How to Fill Your Day
during the COVID19 Quarantine
You might dig out some old jigsaw puzzles. As a boy I frequently put together puzzles
during long winter Saturdays and Sundays, and still today, during the Christmas
holidays we often work? assemble? make? a puzzle. This Christmas our oldest grand-daughter
chose a 1000 piece reproduction of a
painting by Edwin Hopper from the 8 or 10 puzzle boxes in the basement cupboard--and
took over the breakfast nook with it.
Now, in this virus season, Jeri and I have made all of our
puzzles except “Vermont Farm Scene with Holstein Cows,” so it’s time to
organize a Puzzle Exchange. (Of course
we would have to wait four days before starting in on the puzzles we exchange.)
As a longtime puzzle maker, I have developed a number of
puzzle making rules or advisements:
1.
Peanut butter and jelly sandwiches are not
permissible snacks while making puzzle; popcorn is only permitted if it is
unbuttered.
2.
Singing while making puzzle is permitted and even encouraged.
Harmonizing is also encouraged and can sometimes lead to a song fest
around the piano.
3.
It’s okay to ask your fellow puzzlers if they
have seen a piece with blue-green on the bottom half and a squiggle of red in
the upper left corner.
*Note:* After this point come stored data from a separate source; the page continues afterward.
Definition rel_excess (c alpha : R) (n : nat) : R := c * n%:R `^ (- (1 / 2) + alpha).

Lemma powR_eventually_ge (c e K : R) : 0 < c -> 0 < e ->
  \forall n \near \oo, K <= c * n%:R `^ e.
Proof.
move=> c0 e0; near=> n; apply: le_trans (_ : ln n%:R ^+ 2 + K <= _).
  by rewrite lerDr sqr_ge0.
by near: n; exact: ln_sqr_le_powR_eventually.
Unshelve. all: by end_near.
Qed.

Lemma rel_excess_eventually (c alpha qs kap : R) :
  0 < c -> 0 < alpha < 1 / 2 -> 0 < qs -> 0 < kap ->
  \forall n \near \oo, [/\ rel_excess c alpha n <= 1 / 8,
    1 <= n%:R * qs * rel_excess c alpha n & kap * (1 + 8 * rel_excess c alpha n) <= n%:R].
Proof.
move=> c0 /andP[alpha0 alpha_half] qs0 kap0; near=> n.
have c_le : 8 * c <= 1 * n%:R `^ (1 / 2 - alpha).
  by near: n; apply: powR_eventually_ge; lra.
have qs_le : 1 <= qs * c * n%:R `^ (1 / 2 + alpha).
  by near: n; apply: powR_eventually_ge; rewrite ?mulr_gt0 //; lra.
have kap_le : 2 * kap <= 1 * n%:R `^ 1 by near: n; apply: powR_eventually_ge.
have n0 : 0 < n%:R :> R by rewrite ltr0n; near: n; exact: nbhs_infty_gt.
have powRD' (a b : R) : n%:R `^ a * n%:R `^ b = n%:R `^ (a + b).
  by rewrite powRD // (gt_eqF n0) implybT.
have small : rel_excess c alpha n <= 1 / 8.
  rewrite mul1r /rel_excess -(ler_pM2r (powR_gt0 (- (1 / 2) + alpha) n0)) powRD' in c_le.
  rewrite (_ : 1 / 2 - alpha + _ = 0) ?powRr0 in c_le; last by lra.
  by rewrite /rel_excess; rewrite -mulrA in c_le; lra.
split=> //.
  rewrite (_ : 1 / 2 + alpha = 1 + (- (1 / 2) + alpha)) in qs_le; last by lra.
  rewrite -powRD' powRr1 in qs_le; last exact: ltW n0.
  rewrite /rel_excess (_ : n%:R * qs * _ = qs * c * (n%:R * n%:R `^ (- (1 / 2) + alpha))) //.
  by ring.
apply: (@le_trans _ _ (2 * kap)); first by rewrite mulrC ler_wpM2r ?(ltW kap0) //; lra.
by rewrite mul1r powRr1 ?(ltW n0) in kap_le.
Unshelve. all: by end_near.
Qed.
But no one is
required to respond to the request.
4.
It’s okay to say something like “Ah…finally
found that one I was looking for.
5.
It is not fair to hide a piece so you get to put
in the last piece--unless you are under 10.
6.
But it is the greatest bad taste in puzzle-making
to, after you have put a piece in, give it a slight thump (how’s that for a
split infinitive?) with your index finger.
This attempt at subtly saying “I just put a piece in” is the most
egregious of all puzzle making sins.
Some people are rather snobbish in their aversion to puzzle-making. “It’s such a waste of time,” they say, or,
“Why not do something that yields some lasting value? As soon as you’re finished making the puzzle,
you break it up. What good’s that?”
In contrast, I believe that in this time of virus sequestration,
few activities are more productive than making a puzzle. Our world right now is topsy-turvy. No one seems to be in control; no one knows
what should be done. It’s chaos.
Dump a puzzle on the table and there is your world: upside down
and right side up, every piece separated and all mixed up. Our job is to bring order out of the chaos
and so we set about the task: we turn
the pieces right side up; we find the side pieces and put them together; we slowly
work at making the world of the puzzle coherent, orderly, “the way it’s s’posed
to be.” Few things are more satisfying
to humans than this creating of order.
So, completing a puzzle is a small psychological triumph
over the irrationality and disorder of our time.
In fact, I am surprised no one has marketed a puzzle depicting
the magnified COVID 19 virus. Have you
noticed how beautiful they are—like something that came from a coral reef.
Perhaps a COVID 19 virus puzzle could be purchased already
made and your task would be to devise creative ways to destroy it?